In addition to a hiatus connected to subaerial exposure, an unconformity caused by erosion of the uppermost strata of the Gipshuken Formation with the transgressive onset of the Vøringen Member sedimentation during the late Artinskian developed across extended parts of Svalbard (Dallmann et al. 1999). The latter is documented by the occurrence of strongly altered carbonate lithoclasts (extraclasts from the Gipshuken Formation) described from the Vøringen Member in central Spitsbergen (Ehrenberg et al. 2001; Groen 2010) and to a minor extend from NE Svalbard (MFTs 7, 8; this study).

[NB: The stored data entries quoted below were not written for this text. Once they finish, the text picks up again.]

(* Let $\{\alpha_i\}_{i=1}^N$ be an optimal solution of $$\hat{\mathcal{P}}_1:\ \min_{\{\alpha_i\}}\ \sum_{n=1}^N (1-\alpha_n)c_n\quad\text{s.t.}\quad \sum_{k=1}^{i}\alpha_k p^{inv}_{H,k}\tau\le\sum_{l=1}^{i}E_{H,l},\ \ \alpha_i p^{inv}_{H,i}\le p_H^{\max},\ \ \alpha_i\in\{0,1\},\ \ \forall i\in\{1,\dots,N\}.$$ Then there do not exist indices $i<j$ such that $\alpha_i=1$, $\alpha_j=0$, $c_i<c_j$ and $p^{inv}_{H,i}\ge p^{inv}_{H,j}$.
   Context: Data: $N$, $\tau>0$, $E_{H,i}\ge0$, channel gains $h_{G,i},h_{H,i}>0$, $p_G^{\max},p_H^{\max}>0$, $R,W,\sigma^2>0$, weights $w_G,w_D>0$. $p^{inv}_{j,i}=(2^{R/(W\tau)}-1)\sigma^2 h_{j,i}^{-1}$ for $j\in\{G,H\}$, $\kappa=\min\{p_G^{\max},w_D(w_G\tau)^{-1}\}$, and $c_i=w_D$ if $p^{inv}_{G,i}>\kappa$, $c_i=w_G p^{inv}_{G,i}\tau$ otherwise. *)

From Stdlib Require Import Reals Lra Lia.
Open Scope R_scope.

Fixpoint sum1 (f : nat -> R) (n : nat) : R :=
  match n with
  | O => 0
  | S m => sum1 f m + f (S m)
  end.

Definition pinv (Rate W tau sigma2 : R) (h : nat -> R) (i : nat) : R :=
  (Rpower 2 (Rate / (W * tau)) - 1) * sigma2 * / h i.

Definition kappa (pGmax wG wD tau : R) : R := Rmin pGmax (wD * / (wG * tau)).

Definition cost (Rate W tau sigma2 pGmax wG wD : R) (hG : nat -> R) (i : nat) : R :=
  let p := pinv Rate W tau sigma2 hG i in
  if Rlt_dec (kappa pGmax wG wD tau) p then wD else wG * p * tau.

Definition feasible (N : nat) (tau pHmax : R) (EH pH : nat -> R) (alpha : nat -> R) : Prop :=
  forall i, (1 <= i <= N)%nat ->
    sum1 (fun k => alpha k * pH k * tau) i <= sum1 EH i /\
    alpha i * pH i <= pHmax /\
    (alpha i = 0 \/ alpha i = 1).

Definition objective (N : nat) (c : nat -> R) (alpha : nat -> R) : R :=
  sum1 (fun n => (1 - alpha n) * c n) N.

Definition optimal (N : nat) (tau pHmax : R) (EH pH c : nat -> R) (alpha : nat -> R) : Prop :=
  feasible N tau pHmax EH pH alpha /\
  forall beta, feasible N tau pHmax EH pH beta -> objective N c alpha <= objective N c beta.

(** Exchange argument: if an optimal schedule served user [i] but not a later
    user [j] with [c i < c j] and [p_H,i >= p_H,j], serving [j] instead of [i]
    keeps every prefix energy constraint (the prefix sums can only drop) and
    every power constraint, while lowering the objective by [c j - c i]. *)

From Stdlib Require Import Reals Lra Lia.
Open Scope R_scope.

Lemma sum1_change_at_two (f g : nat -> R) (i j : nat) :
  i <> j -> (1 <= i)%nat -> (1 <= j)%nat ->
  (forall k, k <> i -> k <> j -> g k = f k) ->
  forall n, sum1 g n = sum1 f n + (if Nat.leb i n then g i - f i else 0)
                                + (if Nat.leb j n then g j - f j else 0).
Proof.
  intros Hij Hi Hj Hfg n; induction n as [|n IH]; simpl.
  - destruct (Nat.leb_spec i 0), (Nat.leb_spec j 0); try lia; lra.
  - rewrite IH.
    destruct (Nat.leb_spec i n), (Nat.leb_spec j n),
             (Nat.leb_spec i (S n)), (Nat.leb_spec j (S n)); try lia.
    all: try (assert (i = S n) by lia; subst i);
         try (assert (j = S n) by lia; subst j);
         try (rewrite (Hfg (S n)) by lia); lra.
Qed.

Lemma pinv_pos (Rate W tau sigma2 : R) (h : nat -> R) (i : nat) :
  0 < Rate -> 0 < W -> 0 < tau -> 0 < sigma2 -> 0 < h i ->
  0 < pinv Rate W tau sigma2 h i.
Proof.
  intros HRate HW Htau Hsigma Hh; unfold pinv.
  assert (Hrate_gt1 : 1 < Rpower 2 (Rate / (W * tau))).
  { rewrite <- (Rpower_O 2) at 1 by lra.
    apply Rpower_lt; [lra|].
    apply Rdiv_lt_0_compat; [lra|]; apply Rmult_lt_0_compat; lra. }
  assert (Hinv : 0 < / h i) by (apply Rinv_0_lt_compat; exact Hh).
  apply Rmult_lt_0_compat; [apply Rmult_lt_0_compat|]; lra.
Qed.

Definition exchange (alpha : nat -> R) (i j : nat) : nat -> R :=
  fun k => if Nat.eqb k i then 0 else if Nat.eqb k j then 1 else alpha k.

Section Exchange.

Variables (alpha : nat -> R) (i j : nat).
Hypotheses (Hi : (1 <= i)%nat) (Hij : (i < j)%nat)
           (Hai : alpha i = 1) (Haj : alpha j = 0).

Lemma exchange_at_i : exchange alpha i j i = 0.
Proof. unfold exchange; now rewrite Nat.eqb_refl. Qed.

Lemma exchange_at_j : exchange alpha i j j = 1.
Proof.
  unfold exchange; destruct (Nat.eqb_spec j i); [lia|].
  now rewrite Nat.eqb_refl.
Qed.

Lemma exchange_elsewhere k : k <> i -> k <> j -> exchange alpha i j k = alpha k.
Proof.
  intros Hki Hkj; unfold exchange.
  now destruct (Nat.eqb_spec k i), (Nat.eqb_spec k j); try lia.
Qed.

Lemma exchange_binary k :
  (alpha k = 0 \/ alpha k = 1) -> exchange alpha i j k = 0 \/ exchange alpha i j k = 1.
Proof.
  intros Hbin.
  destruct (Nat.eq_dec k i) as [->|Hki]; [left; apply exchange_at_i|].
  destruct (Nat.eq_dec k j) as [->|Hkj]; [right; apply exchange_at_j|].
  now rewrite exchange_elsewhere.
Qed.

Lemma sum1_exchange (F : nat -> R -> R) n :
  sum1 (fun k => F k (exchange alpha i j k)) n
  = sum1 (fun k => F k (alpha k)) n
    + (if Nat.leb i n then F i 0 - F i 1 else 0)
    + (if Nat.leb j n then F j 1 - F j 0 else 0).
Proof.
  rewrite (sum1_change_at_two (fun k => F k (alpha k)) _ i j) by
    (lia || (intros k Hki Hkj; now rewrite exchange_elsewhere)).
  now rewrite exchange_at_i, exchange_at_j, Hai, Haj.
Qed.

Lemma exchange_feasible N tau pHmax EH pH :
  (j <= N)%nat -> 0 < tau -> 0 <= pH i -> pH j <= pH i ->
  feasible N tau pHmax EH pH alpha ->
  feasible N tau pHmax EH pH (exchange alpha i j).
Proof.
  intros HjN Htau HpHi Hpij Hfeas k Hk.
  destruct (Hfeas k Hk) as (Hsum & Hpow & Hbin).
  split; [|split].
  - rewrite (sum1_exchange (fun l a => a * pH l * tau)).
    assert (Hdrop : pH j * tau <= pH i * tau) by (apply Rmult_le_compat_r; lra).
    assert (Hnonneg : 0 <= pH i * tau) by (apply Rmult_le_pos; lra).
    destruct (Nat.leb_spec i k), (Nat.leb_spec j k); try lia; lra.
  - destruct (Nat.eq_dec k i) as [->|Hki].
    { rewrite exchange_at_i; rewrite Hai in Hpow; lra. }
    destruct (Nat.eq_dec k j) as [->|Hkj].
    + destruct (Hfeas i ltac:(lia)) as (_ & Hpowi & _).
      rewrite exchange_at_j; rewrite Hai in Hpowi; lra.
    + now rewrite exchange_elsewhere.
  - now apply exchange_binary.
Qed.

Lemma objective_exchange N c :
  (j <= N)%nat ->
  objective N c (exchange alpha i j) = objective N c alpha + c i - c j.
Proof.
  intros HjN; unfold objective.
  rewrite (sum1_exchange (fun l a => (1 - a) * c l)).
  destruct (Nat.leb_spec i N), (Nat.leb_spec j N); try lia; lra.
Qed.

End Exchange.

Theorem proposition1 (N : nat) (tau : R) (EH hG hH : nat -> R)
  (pGmax pHmax Rate W sigma2 wG wD : R)
  (Htau : 0 < tau) (HEH : forall i, (1 <= i <= N)%nat -> 0 <= EH i)
  (HhG : forall i, (1 <= i <= N)%nat -> 0 < hG i)
  (HhH : forall i, (1 <= i <= N)%nat -> 0 < hH i)
  (HpG : 0 < pGmax) (HpH : 0 < pHmax) (HRate : 0 < Rate) (HW : 0 < W)
  (Hsigma : 0 < sigma2) (HwG : 0 < wG) (HwD : 0 < wD)
  (alpha : nat -> R)
  (Hopt : optimal N tau pHmax EH (pinv Rate W tau sigma2 hH)
            (cost Rate W tau sigma2 pGmax wG wD hG) alpha) :
  ~ (exists i j : nat, (1 <= i)%nat /\ (i < j)%nat /\ (j <= N)%nat /\
       alpha i = 1 /\ alpha j = 0 /\
       cost Rate W tau sigma2 pGmax wG wD hG i < cost Rate W tau sigma2 pGmax wG wD hG j /\
       pinv Rate W tau sigma2 hH i >= pinv Rate W tau sigma2 hH j).
Proof.
  intros (i & j & Hi & Hij & HjN & Hai & Haj & Hc & Hp).
  destruct Hopt as [Hfeas Hmin].
  assert (HpHi : 0 < pinv Rate W tau sigma2 hH i)
    by (apply pinv_pos; auto; apply HhH; lia).
  assert (Hfeas' := exchange_feasible alpha i j Hi Hij Hai Haj N tau pHmax EH
                      (pinv Rate W tau sigma2 hH) HjN Htau
                      ltac:(lra) ltac:(lra) Hfeas).
  specialize (Hmin _ Hfeas').
  rewrite (objective_exchange alpha i j Hi Hij Hai Haj) in Hmin by exact HjN.
  lra.
Qed.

In sections H1 and S1 however, the boundary itself is formed by an intensely Fe-stained and bored hardground, respectively black laminated claystone horizon, which were subsequently used as growth substrate by local bryozoan colonies. The horizons imply a pre-existing, already lithified platform surface, reflecting local sediment-starved conditions and condensation with the onset of the Vøringen Member transgression. Due to the preservation of the transitional strata, the boundary in this area is interpreted as an unconformity (paraconformity) formed by non-deposition instead of erosion. Submarine exposure in the Artinskian is also reported by Ehrenberg et al. (2001) in coeval strata from the southern Barents Sea (Bjarmeland Group; Larssen et al. 2005). Here, pyritized, glauconitic surfaces at the top of the Unit L-8, which comprises the Polarev and/or Isbjorn formations, may indicate contemporaneous non-deposition and condensation in a general deeper environmental setting. However, insufficient age constrains prevent a precise correlation of these condensed horizons with the Gipshuken/Kapp Starostin formations boundary of Svalbard.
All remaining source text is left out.